:: The input
Lemma quad_gen_Aint : al \in Aint.
Proof.
apply: (root_monic_Aint (p := 'X^2 - (a%:~R)%:P)); first by rewrite /root !hornerE al2 subrr.
  exact: monicXnsubC.
by rewrite polyOverXnsubC intr_int.
Qed.

Let D : algC := 2%:R * a%:~R.

Let ints_D : ints K D := intsM hK (ints_nat hK 2) (ints_int hK a).

Lemma ints_quad_sub x : ints K x -> ints L x.
Proof. by case=> Kx x_Aint; split=> //; apply: quad_sub. Qed.

Lemma ints_quad_gen : ints L al.
Proof. by split; [apply: (quad_gen al hK) | apply: quad_gen_Aint]. Qed.

(* The coordinates of an integer of L have denominators dividing 2a:
   2u = x + x', 2v al = x - x' with x' the conjugate of x. *)
Lemma ints_quad_coord x u v : ints L x -> K u -> K v -> x = u + v * al ->
  ints K (D * u) /\ ints K (D * v).
Proof.
move=> [_ x_Aint] Ku Kv def_x; rewrite def_x in x_Aint.
have x'_Aint := quad_conj_Aint Ku Kv x_Aint; have KD := ints_D.1.
split; split; [exact: (srM hK) | | exact: (srM hK) |].
  have -> : D * u = a%:~R * ((u + v * al) + (u - v * al)) by rewrite /D; ring.
  by apply: rpredM; [apply: Aint_int | apply: rpredD].
have -> : D * v = ((u + v * al) - (u - v * al)) * al by rewrite /D -al2; ring.
by apply: rpredM; [apply: rpredB | apply: quad_gen_Aint].
Qed.

Variables (p : nat) (P : subsetC).
Hypotheses (p_pr : prime p) (p_odd : odd p) (ndvd_pa : ~~ (p %| `|a|)%N).
Hypothesis hP : prime_above K p P.

Let D_notin : ~ P D.
Proof.
rewrite /D -[2%:R]/((2%:Z)%:~R) -intrM (prime_above_int hK p_pr hP) abszM Euclid_dvdM //.
by rewrite (negbTE ndvd_pa) orbF (negbTE (odd_prime_ndvd2 p_pr p_odd)).
Qed.

Section SplitPrime.
Variable b : algC.
Hypotheses (ints_b : ints K b) (Pb : P (b ^+ 2 - a%:~R)).

(* The prime of L above P induced by u + v al |-> u + v b mod P; the factor D
   makes D u and D v integral. *)
Definition split_eval u v := D * u + D * v * b.

Definition split_prime : subsetC := fun x => ints L x /\
  exists u v, [/\ K u, K v, x = u + v * al & P (split_eval u v)].

Lemma split_primeE x u v : K u -> K v -> x = u + v * al -> ints L x ->
  split_prime x <-> P (split_eval u v).
Proof.
move=> Ku Kv def_x Lx; split=> [[_ [u' [v' [Ku' Kv' def_x' Puv]]]]|]; last first.
  by split=> //; exists u, v.
by have [-> ->] := quad_coord_uniq Ku Kv Ku' Kv' (etrans (esym def_x) def_x').
Qed.

Lemma ints_split_eval x u v : ints L x -> K u -> K v -> x = u + v * al ->
  ints K (split_eval u v).
Proof.
move=> Lx Ku Kv def_x; have [Du Dv] := ints_quad_coord Lx Ku Kv def_x.
by apply/(intsD hK) => //; apply: (intsM hK).
Qed.

Let quad_mulE u v u' v' : (u + v * al) * (u' + v' * al) =
  (u * u' + a%:~R * v * v') + (u * v' + v * u') * al.
Proof. by rewrite -al2; ring. Qed.

Let K_quad_mul u v u' v' : K u -> K v -> K u' -> K v' ->
  K (u * u' + a%:~R * v * v') /\ K (u * v' + v * u').
Proof.
move=> Ku Kv Ku' Kv'; split; last exact (srD hK (srM hK Ku Kv') (srM hK Kv Ku')).
exact (srD hK (srM hK Ku Ku') (srM hK (srM hK Ka Kv) Kv')).
Qed.

Let split_evalM x y u v u' v' : ints L x -> ints L y -> K u -> K v -> K u' -> K v' ->
  x = u + v * al -> y = u' + v' * al ->
  P (split_eval (u * u' + a%:~R * v * v') (u * v' + v * u')) <->
  P (split_eval u v * split_eval u' v').
Proof.
move=> Lx Ly Ku Kv Ku' Kv' def_x def_y; have [KU KV] := K_quad_mul Ku Kv Ku' Kv'.
have def_xy := etrans (congr2 *%R def_x def_y) (quad_mulE u v u' v').
have [_ Dv] := ints_quad_coord Lx Ku Kv def_x; have [_ Dv'] := ints_quad_coord Ly Ku' Kv' def_y.
have PE : P ((D * v) * (D * v') * (a%:~R - b ^+ 2)).
  by apply/(prime_aboveMl hP); [apply: (intsM hK) | rewrite -opprB; apply: (prime_aboveN hP)].
have -> : split_eval u v * split_eval u' v' =
    D * split_eval (u * u' + a%:~R * v * v') (u * v' + v * u') -
    (D * v) * (D * v') * (a%:~R - b ^+ 2) by rewrite /split_eval; ring.
split=> [PUV|]; first by apply/(prime_aboveB hP) => //; apply/(prime_aboveMl hP).
move=> /(prime_aboveD hP)/(_ PE); rewrite subrK.
have LUV := ints_split_eval (intsM hL Lx Ly) KU KV def_xy.
by case/(prime_above_mul hP) => // /D_notin.
Qed.

Let split_primeMl c x : ints L c -> split_prime x -> split_prime (c * x).
Proof.
move=> Lc [Lx [u [v [Ku Kv def_x Puv]]]].
have [u' [v' [Ku' Kv' def_c]]] : quad K al c := Lc.1.
have [KU KV] := K_quad_mul Ku' Kv' Ku Kv.
split; first exact (intsM hL Lc Lx).
exists (u' * u + a%:~R * v' * v), (u' * v + v' * u); split=> //.
  by rewrite def_c def_x quad_mulE.
apply/(split_evalM Lc Lx Ku' Kv' Ku Kv def_c def_x)/(prime_aboveMl hP) => //.
exact (ints_split_eval Lc Ku' Kv' def_c).
Qed.

Let split_prime_mul x y : ints L x -> ints L y ->
  split_prime (x * y) -> split_prime x \/ split_prime y.
Proof.
move=> Lx Ly [Lxy [U [V [KU KV def_xy PUV]]]].
have [u [v [Ku Kv def_x]]] : quad K al x := Lx.1.
have [u' [v' [Ku' Kv' def_y]]] : quad K al y := Ly.1.
have [KU' KV'] := K_quad_mul Ku Kv Ku' Kv'.
have [eU eV] := quad_coord_uniq KU KV KU' KV'
  (etrans (esym def_xy) (etrans (congr2 *%R def_x def_y) (quad_mulE u v u' v'))).
rewrite eU eV (split_evalM Lx Ly Ku Kv Ku' Kv' def_x def_y) in PUV.
case/(prime_above_mul hP): PUV => [||Puv|Puv].
- exact (ints_split_eval Lx Ku Kv def_x).
- exact (ints_split_eval Ly Ku' Kv' def_y).
- by left; split=> //; exists u, v.
- by right; split=> //; exists u', v'.
Qed.

Lemma split_prime_above : prime_above L p split_prime.
Proof.
have K0 := sr0 hK; have eval0 u : split_eval u 0 = D * u.
  by rewrite /split_eval !mulr0 mul0r addr0.
have x0 x : x = x + 0 * al by rewrite mul0r addr0.
split=> [x [] //||x y [Lx [u [v [Ku Kv def_x Puv]]]] [Ly [u' [v' [Ku' Kv' def_y Puv']]]]|
         c x Lc /(split_primeMl Lc) //|].
- split; first exact: (ints_int hL 0).
  by exists 0, 0; split; rewrite // ?eval0 ?mulr0 -?x0 //; apply: (prime_above0 hP).
- split; first exact (intsB hL Lx Ly).
  exists (u - u'), (v - v'); split; [exact: (srB hK) | exact: (srB hK) | |].
    by rewrite def_x def_y; ring.
  have -> : split_eval (u - u') (v - v') = split_eval u v - split_eval u' v'.
    by rewrite /split_eval; ring.
  exact: (prime_aboveB hP).
split=> [[_ [u [v [Ku Kv def1 Puv]]]]||]; [|exact: split_prime_mul|].
  have [u1 v0] := quad_coord_uniq (sr1 hK) K0 Ku Kv (etrans (esym (x0 1)) def1).
  by move: Puv; rewrite -u1 -v0 eval0 mulr1 => /D_notin.
split; first exact: (ints_nat hL).
exists p%:R, 0; split; rewrite -?x0 ?eval0 //; first exact: (sr_nat hK).
by apply/(prime_aboveMl hP)/(prime_above_char hP).
Qed.

Lemma split_prime_over : lies_over K split_prime P.
Proof.
move=> x Kx; have def_x : x = x + 0 * al by rewrite mul0r addr0.
have eval0 : split_eval x 0 = D * x by rewrite /split_eval !mulr0 mul0r addr0.
split=> [sx|Px].
  move: (sx); have Lx := sx.1; rewrite (split_primeE Kx (sr0 hK) def_x Lx) eval0.
  have Ix : ints K x by split=> //; case: Lx.
  by case/(prime_above_mul hP) => // /D_notin.
have Ix := prime_above_ints hP Px.
apply/(split_primeE Kx (sr0 hK) def_x (ints_quad_sub Ix)).
by rewrite eval0; apply/(prime_aboveMl hP).
Qed.
End SplitPrime.

Lemma split_prime_opp_neq b : ints K b -> P (b ^+ 2 - a%:~R) ->
  ~ (split_prime b (al - b) <-> split_prime (- b) (al - b)).
Proof.
move=> ints_b Pb [to_opp _].
have Lx : ints L (al - b) by apply: (intsB hL ints_quad_gen); apply: ints_quad_sub.
have Knb : K (- b) by apply: (srN hK); case: ints_b.
have def_x : al - b = - b + 1 * al by rewrite mul1r addrC.
have /to_opp : split_prime b (al - b).
  split=> //; exists (- b), 1; split=> //; first exact: (sr1 hK).
  by rewrite /split_eval mulr1 mulrN addNr; apply: (prime_above0 hP).
case=> _ [u [v [Ku Kv def_x' Puv]]].
have [eu ev] := quad_coord_uniq Knb (sr1 hK) Ku Kv (etrans (esym def_x) def_x').
move: Puv; rewrite /split_eval -eu -ev (_ : _ + _ = - (2%:R * D * b)); last by ring.
move/(prime_aboveN hP); rewrite opprK.
case/(prime_above_mul hP) => //; first exact/(intsM hK)/ints_D/(ints_nat hK).
  case/(prime_above_mul hP); [exact: (ints_nat hK) | exact: ints_D | | exact: D_notin].
  move=> P2; have /(prime_above_int hK p_pr hP) : P (2%:Z)%:~R := P2.
  exact/negP/odd_prime_ndvd2.
move=> Pb'; apply: (negP ndvd_pa); apply/(prime_above_int hK p_pr hP).
have -> : a%:~R = b * b - (b ^+ 2 - a%:~R) :> algC by ring.
by apply/(prime_aboveB hP) => //; apply/(prime_aboveMl hP).
Qed.

Lemma split_prime_unique Q c : prime_above L p Q -> lies_over K Q P ->
  ints K c -> P (c ^+ 2 - a%:~R) -> Q (al - c) -> forall x, Q x <-> split_prime c x.
Proof.
move=> hQ QP ints_c Pc Qc x.
have ints_DL : ints L D := ints_quad_sub ints_D.
have [Lx|nLx] := classic (ints L x); last first.
  by split=> [/(prime_above_ints hQ)|[]].
have [u [v [Ku Kv def_x]]] : quad K al x := Lx.1.
have [_ Dv] := ints_quad_coord Lx Ku Kv def_x.
have K_eval : K (split_eval c u v) by case: (ints_split_eval ints_c Lx Ku Kv def_x).
have Dx : D * x = split_eval c u v + (D * v) * (al - c) by rewrite /split_eval def_x; ring.
rewrite (split_primeE c Ku Kv def_x Lx) -(QP _ K_eval).
have QDv : Q ((D * v) * (al - c)) by apply/(prime_aboveMl hQ)/Qc/ints_quad_sub.
split=> [Qx|Qe].
  rewrite -[split_eval _ _ _](addrK (D * v * (al - c))) -Dx.
  exact/(prime_aboveB hQ)/QDv/(prime_aboveMl hQ).
have /(prime_above_mul hQ) : Q (D * x) by rewrite Dx; apply: (prime_aboveD hQ).
by case=> // /(QP _ ints_D.1)/D_notin.
Qed.

(* P splits as Q_b Q_(-b) where b^2 = a mod P, since (al - b)(al + b) lies in P. *)
Theorem quad_splits : (forall n z, (2 ^ n.+2)%N.-primitive_root z -> K (z + z^-1)) ->
  exists Q1 Q2 : subsetC,
    [/\ prime_above L p Q1 /\ lies_over K Q1 P, prime_above L p Q2 /\ lies_over K Q2 P,
        (exists x, ~ (Q1 x <-> Q2 x))
      & forall Q, prime_above L p Q -> lies_over K Q P ->
          (forall x, Q x <-> Q1 x) \/ (forall x, Q x <-> Q2 x)].
Proof.
move=> K_cos; have [b ints_b Pb] := square_mod_prime_above hK p_pr p_odd hP K_cos ndvd_pa.
have ints_nb := intsN hK ints_b; have Pnb : P ((- b) ^+ 2 - a%:~R) by rewrite sqrrN.
exists (split_prime b), (split_prime (- b)); split.
- by split; [apply: split_prime_above | apply: split_prime_over].
- by split; [apply: split_prime_above | apply: split_prime_over].
- by exists (al - b); apply: split_prime_opp_neq.
move=> Q hQ QP; have ints_al_b c : ints K c -> ints L (al - c).
  by move=> ints_c; apply/(intsB hL ints_quad_gen)/ints_quad_sub.
have : Q ((al - b) * (al - - b)).
  have Kab : K (a%:~R - b ^+ 2) by apply/(srB hK Ka)/(srX hK); case: ints_b.
  rewrite (_ : _ * _ = a%:~R - b ^+ 2); last by rewrite -al2; ring.
  by apply/(QP _ Kab); rewrite -opprB; apply: (prime_aboveN hP).
case/(prime_above_mul hQ); [exact: ints_al_b | exact: ints_al_b | |] => Qab.
  by left; apply: split_prime_unique.
by right; apply: split_prime_unique.
Qed.
End QuadraticExtension.

(** * Degrees and splitting in towers *)

Section Dimension.
Variable K : subsetC.
Hypothesis hKf : fieldQ K.
Let hK : subringQ K := hKf.1.

Definition in_span m (c : 'I_m -> algC) x :=
  exists2 A : 'I_m -> algC, (forall j, K (A j)) & x = \sum_j A j * c j.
::::
Problem to solve =
Your response should hold only an exact copy of the lines above, from the one containing "Variable K : subsetC." through the end of the entries.

Reply to the task =
Variable K : subsetC.
Hypothesis hKf : fieldQ K.
Let hK : subringQ K := hKf.1.

Definition in_span m (c : 'I_m -> algC) x :=
  exists2 A : 'I_m -> algC, (forall j, K (A j)) & x = \sum_j A j * c j.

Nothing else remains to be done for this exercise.